● **Work order**: In the listing below, locate the line that contains "Implicit Types (p" and the line that contains "Lemma dhomog_factor p". Restate word for word those two lines and every line between them, and nothing else.

Top of Data excerpts

(* Let $f\in S$ be nonzero. Then, inside $\mathrm{Der}_{\mathbb K}(S^h)$, $$D(f^h)\cap S^h\langle\partial_{x_1},\dots,\partial_{x_n}\rangle=D(f)^h.$$
   Context: $\mathbb K$ a field of characteristic zero, $S=\mathbb K[x_1,\dots,x_n]$, $S^h=\mathbb K[x_1,\dots,x_n,h]$ with the standard grading by total degree. For any polynomial ring $R$ over $\mathbb K$, $\mathrm{Der}_{\mathbb K}(R)$ is the free $R$-module on the partial derivatives; for $g\in R$, $e\ge1$, $D(g;e)=\{\delta:\delta(g)\in g^eR\}$, and for nonzero $F=cF_1^{e_1}\cdots F_r^{e_r}$ (pairwise non-associate irreducibles, $c\in\mathbb K^*$), $D(F)=\bigcap_iD(F_i;e_i)$; this defines $D(f)\subseteq\mathrm{Der}_{\mathbb K}(S)$ and $D(f^h)\subseteq\mathrm{Der}_{\mathbb K}(S^h)$ (basis $\partial_{x_1},\dots,\partial_{x_n},\partial_h$). For nonzero $g\in S$ of degree $e$, $g^h=h^e g(x_1/h,\dots,x_n/h)$. For nonzero $\delta=\sum_{i=1}^n a_i\partial_{x_i}\in\mathrm{Der}_{\mathbb K}(S)$ with $e=\max_i\deg a_i$, $\delta^h=\sum_{a_i\neq0}h^{e-\deg a_i}a_i^h\,\partial_{x_i}$. $D(f)^h$ is the $S^h$-submodule of $S^h\langle\partial_{x_1},\dots,\partial_{x_n}\rangle$ generated by $\{\delta^h:\ 0\ne\delta\in D(f)\}$. *)

From mathcomp Require Import all_boot all_order all_algebra.
From mathcomp Require Import mpoly.
Set Implicit Arguments. Unset Strict Implicit. Unset Printing Implicit Defensive.
Import GRing.Theory.
Local Open Scope ring_scope.

Section Defs.
Variable K : fieldType.

(* A derivation of K[x_0..x_{k-1}]: its coordinates on the basis of partials. *)
Definition Der (k : nat) := 'I_k -> {mpoly K[k]}.

Definition der_nonzero k (d : Der k) : Prop := exists i, d i != 0.

Definition der_app k (d : Der k) (g : {mpoly K[k]}) : {mpoly K[k]} :=
  \sum_(i < k) d i * mderiv i g.

Definition mdvd k (p q : {mpoly K[k]}) : Prop := exists r, q = p * r.

Definition mirreducible k (g : {mpoly K[k]}) : Prop :=
  g != 0 /\ g \notin GRing.unit /\
  forall a b : {mpoly K[k]}, g = a * b -> a \in GRing.unit \/ b \in GRing.unit.

Definition inDe k (g : {mpoly K[k]}) (e : nat) (d : Der k) : Prop :=
  mdvd (g ^+ e) (der_app d g).

(* D(F) = intersection of D(F_i; e_i) over the irreducible factors F_i of F,
   e_i being the exact multiplicity of F_i in F. *)
Definition inD k (F : {mpoly K[k]}) (d : Der k) : Prop :=
  forall (g : {mpoly K[k]}) (e : nat), mirreducible g -> (0 < e)%N ->
    mdvd (g ^+ e) F -> ~ mdvd (g ^+ e.+1) F -> inDe g e d.

Definition tdeg k (p : {mpoly K[k]}) : nat := (msize p).-1.

(* x_i in S^h = K[x_0..x_{n-1}, h]; h is the last variable ord_max *)
Definition xvar n (i : 'I_n) : {mpoly K[n.+1]} := 'X_(widen_ord (leqnSn n) i).
Definition hvar n : {mpoly K[n.+1]} := 'X_(@ord_max n).

(* g^h = h^{deg g} g(x/h) *)
Definition homogp n (g : {mpoly K[n]}) : {mpoly K[n.+1]} :=
  \sum_(m <- msupp g)
     g@_m *: ((\prod_(i < n) xvar i ^+ m i) * hvar n ^+ (tdeg g - mdeg m)).

Definition der_homog n (d : Der n) : Der n.+1 :=
  fun j => match unlift ord_max j with
           | Some i => hvar n ^+ (\max_(i' < n) tdeg (d i') - tdeg (d i)) * homogp (d i)
           | None => 0
           end.

(* membership in D(f)^h: S^h-linear combination of delta^h, 0 != delta in D(f) *)
Definition inDh n (f : {mpoly K[n]}) (t : Der n.+1) : Prop :=
  exists (N : nat) (c : 'I_N -> {mpoly K[n.+1]}) (ds : 'I_N -> Der n),
    (forall l, der_nonzero (ds l) /\ inD f (ds l)) /\
    forall j, t j = \sum_(l < N) c l * der_homog (ds l) j.

End Defs.

From HB Require Import structures.
From mathcomp Require Import all_boot all_order all_algebra.
From mathcomp Require Import mpoly.
From mathcomp Require Import zify.
Set Implicit Arguments. Unset Strict Implicit. Unset Printing Implicit Defensive.
Import GRing.Theory.
Local Open Scope ring_scope.

(* Dehomogenization (h := 1) is a ring morphism that commutes with the
   partials d/dx_i and inverts homogenization, and every homogeneous
   polynomial is h^k g^h with g its dehomogenization. As h does not divide
   f^h and factors of homogeneous polynomials are homogeneous, the irreducible
   factors of f^h are the g^h with g an irreducible factor of f, with the same
   multiplicities; then delta^h(g^h) = h^k (delta g)^h gives D(f)^h <= D(f^h).
   Conversely D(f^h) is stable under taking homogeneous components, its
   defining divisors being homogeneous. A homogeneous t in D(f^h) without
   d/dh component dehomogenizes to some delta in D(f) with t = h^k delta^h,
   and t is the sum of its components. *)

Section LinearExtension.
Variables (K : fieldType) (k : nat) (V : lmodType K) (F : 'X_{1..k} -> V).

Definition mlinext (p : {mpoly K[k]}) : V := \sum_(m <- msupp p) p@_m *: F m.

Lemma mlinext_seqE p (r : seq 'X_{1..k}) : uniq r -> {subset msupp p <= r} ->
  mlinext p = \sum_(m <- r) p@_m *: F m.
Proof.
move=> ur sub; rewrite [RHS](bigID (mem (msupp p))) /=.
rewrite [X in _ = _ + X]big1 ?addr0; last first.
  by move=> m /memN_msupp_eq0 ->; rewrite scale0r.
rewrite -big_filter; apply: perm_big; apply: uniq_perm.
- exact: msupp_uniq.
- exact: filter_uniq.
by move=> m; rewrite mem_filter /=; apply/idP/andP => [pm|[]//]; split=> //; apply: sub.
Qed.

Lemma mlinext_is_linear : linear mlinext.
Proof.
move=> c p q /=.
set r := undup (msupp p ++ msupp q ++ msupp (c *: p + q)).
have ur : uniq r by apply: undup_uniq.
rewrite (@mlinext_seqE _ r) //; last by move=> m pm; rewrite mem_undup !mem_cat pm !orbT.
rewrite (@mlinext_seqE p r) //; last by move=> m pm; rewrite mem_undup !mem_cat pm.
rewrite (@mlinext_seqE q r) //; last by move=> m pm; rewrite mem_undup !mem_cat pm !orbT.
rewrite scaler_sumr -big_split /=; apply: eq_bigr => m _.
by rewrite mcoeffD mcoeffZ scalerDl scalerA.
Qed.

HB.instance Definition _ :=
  GRing.isLinear.Build K {mpoly K[k]} V _ mlinext mlinext_is_linear.

Lemma mlinextX m : mlinext 'X_[m] = F m.
Proof. by rewrite /mlinext msuppX big_seq1 mcoeffX eqxx scale1r. Qed.

End LinearExtension.

Lemma linear_mpoly_eq (K : fieldType) k (V : lmodType K)
    (L1 L2 : {linear {mpoly K[k]} -> V}) :
  (forall m, L1 'X_[m] = L2 'X_[m]) -> L1 =1 L2.
Proof.
by move=> eqX p; rewrite [p]mpolyE !linear_sum; apply: eq_bigr => m _; rewrite !linearZ eqX.
Qed.

Section Graded.
Variables (R : idomainType) (k : nat).
Implicit Types (p q a b : {mpoly R[k]}).

Lemma mlastcM p q : (p * q)@_(mlast p + mlast q) = p@_(mlast p) * q@_(mlast q).
Proof.
have [->|nz_p] := eqVneq p 0; first by rewrite !mul0r !mcoeff0 mul0r.
have [->|nz_q] := eqVneq q 0; first by rewrite !mulr0 !mcoeff0 mulr0.
rewrite mpolyME (bigD1_seq (mlast p, mlast q)) /=; first last.
- by rewrite allpairs_uniq ?msupp_uniq // => -[? ?] [].
- by rewrite allpairs_f // mlast_supp.
rewrite mcoeffD mcoeffZ mcoeffX eqxx mulr1.
rewrite big_seq_cond raddf_sum /= big1 ?addr0 //.
case=> y1 y2 /andP [/allpairsP [[m1 m2] /= [m1p m2q [-> ->]]] ne].
rewrite mcoeffZ mcoeffX.
suff lt : ((mlast p + mlast q)%MM < (m1 + m2)%MM)%O.
  by rewrite (Order.POrderTheory.gt_eqF lt) mulr0.
move: (mlast_lemc m1p); rewrite Order.POrderTheory.le_eqVlt => /predU1P[E1|lt1];
  last exact: ltmc_le_add lt1 (mlast_lemc m2q).
move: (mlast_lemc m2q); rewrite Order.POrderTheory.le_eqVlt => /predU1P[E2|lt2].
  by move: ne; rewrite E1 E2 eqxx.
by rewrite E1; apply: lemc_lt_add.
Qed.

(* The extreme monomials of [a * b] are the sums of those of [a] and [b], and
   both have degree [d]; so the top and bottom degrees of [a] agree. *)
Lemma dhomog_factor p a b d :
  p != 0 -> p \is d.-homog -> p = a * b -> a \is (mdeg (mlead a)).-homog.
Proof.
move=> nz_p /dhomogP p_d pE.
have nz_a : a != 0 by apply: contraNneq nz_p => a0; rewrite pE a0 mul0r.
have nz_b : b != 0 by apply: contraNneq nz_p => b0; rewrite pE b0 mulr0.
have top : (mdeg (mlead a) + mdeg (mlead b))%N = d.
  by rewrite -mdegD -(mleadM nz_a nz_b) -pE p_d ?mlead_supp.
have bot : (mdeg (mlast a) + mdeg (mlast b))%N = d.
  rewrite -mdegD p_d // mcoeff_msupp pE mlastcM.
  by rewrite mulf_neq0 // -mcoeff_msupp mlast_supp.
have la := lemc_mdeg (mlast_lemc (mlead_supp nz_a)).
have lb := lemc_mdeg (mlast_lemc (mlead_supp nz_b)).
apply/dhomogP => m am.
change (mdeg m = mdeg (mlead a)).
have := lemc_mdeg (mlast_lemc am); have := lemc_mdeg (msupp_le_mlead am); lia.
Qed.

Bottom of Data excerpts

● **Exercise response**:
Implicit Types (p q a b : {mpoly R[k]}).

Lemma mlastcM p q : (p * q)@_(mlast p + mlast q) = p@_(mlast p) * q@_(mlast q).
Proof.
have [->|nz_p] := eqVneq p 0; first by rewrite !mul0r !mcoeff0 mul0r.
have [->|nz_q] := eqVneq q 0; first by rewrite !mulr0 !mcoeff0 mulr0.
rewrite mpolyME (bigD1_seq (mlast p, mlast q)) /=; first last.
- by rewrite allpairs_uniq ?msupp_uniq // => -[? ?] [].
- by rewrite allpairs_f // mlast_supp.
rewrite mcoeffD mcoeffZ mcoeffX eqxx mulr1.
rewrite big_seq_cond raddf_sum /= big1 ?addr0 //.
case=> y1 y2 /andP [/allpairsP [[m1 m2] /= [m1p m2q [-> ->]]] ne].
rewrite mcoeffZ mcoeffX.
suff lt : ((mlast p + mlast q)%MM < (m1 + m2)%MM)%O.
  by rewrite (Order.POrderTheory.gt_eqF lt) mulr0.
move: (mlast_lemc m1p); rewrite Order.POrderTheory.le_eqVlt => /predU1P[E1|lt1];
  last exact: ltmc_le_add lt1 (mlast_lemc m2q).
move: (mlast_lemc m2q); rewrite Order.POrderTheory.le_eqVlt => /predU1P[E2|lt2].
  by move: ne; rewrite E1 E2 eqxx.
by rewrite E1; apply: lemc_lt_add.
Qed.

(* The extreme monomials of [a * b] are the sums of those of [a] and [b], and
   both have degree [d]; so the top and bottom degrees of [a] agree. *)
Lemma dhomog_factor p a b d :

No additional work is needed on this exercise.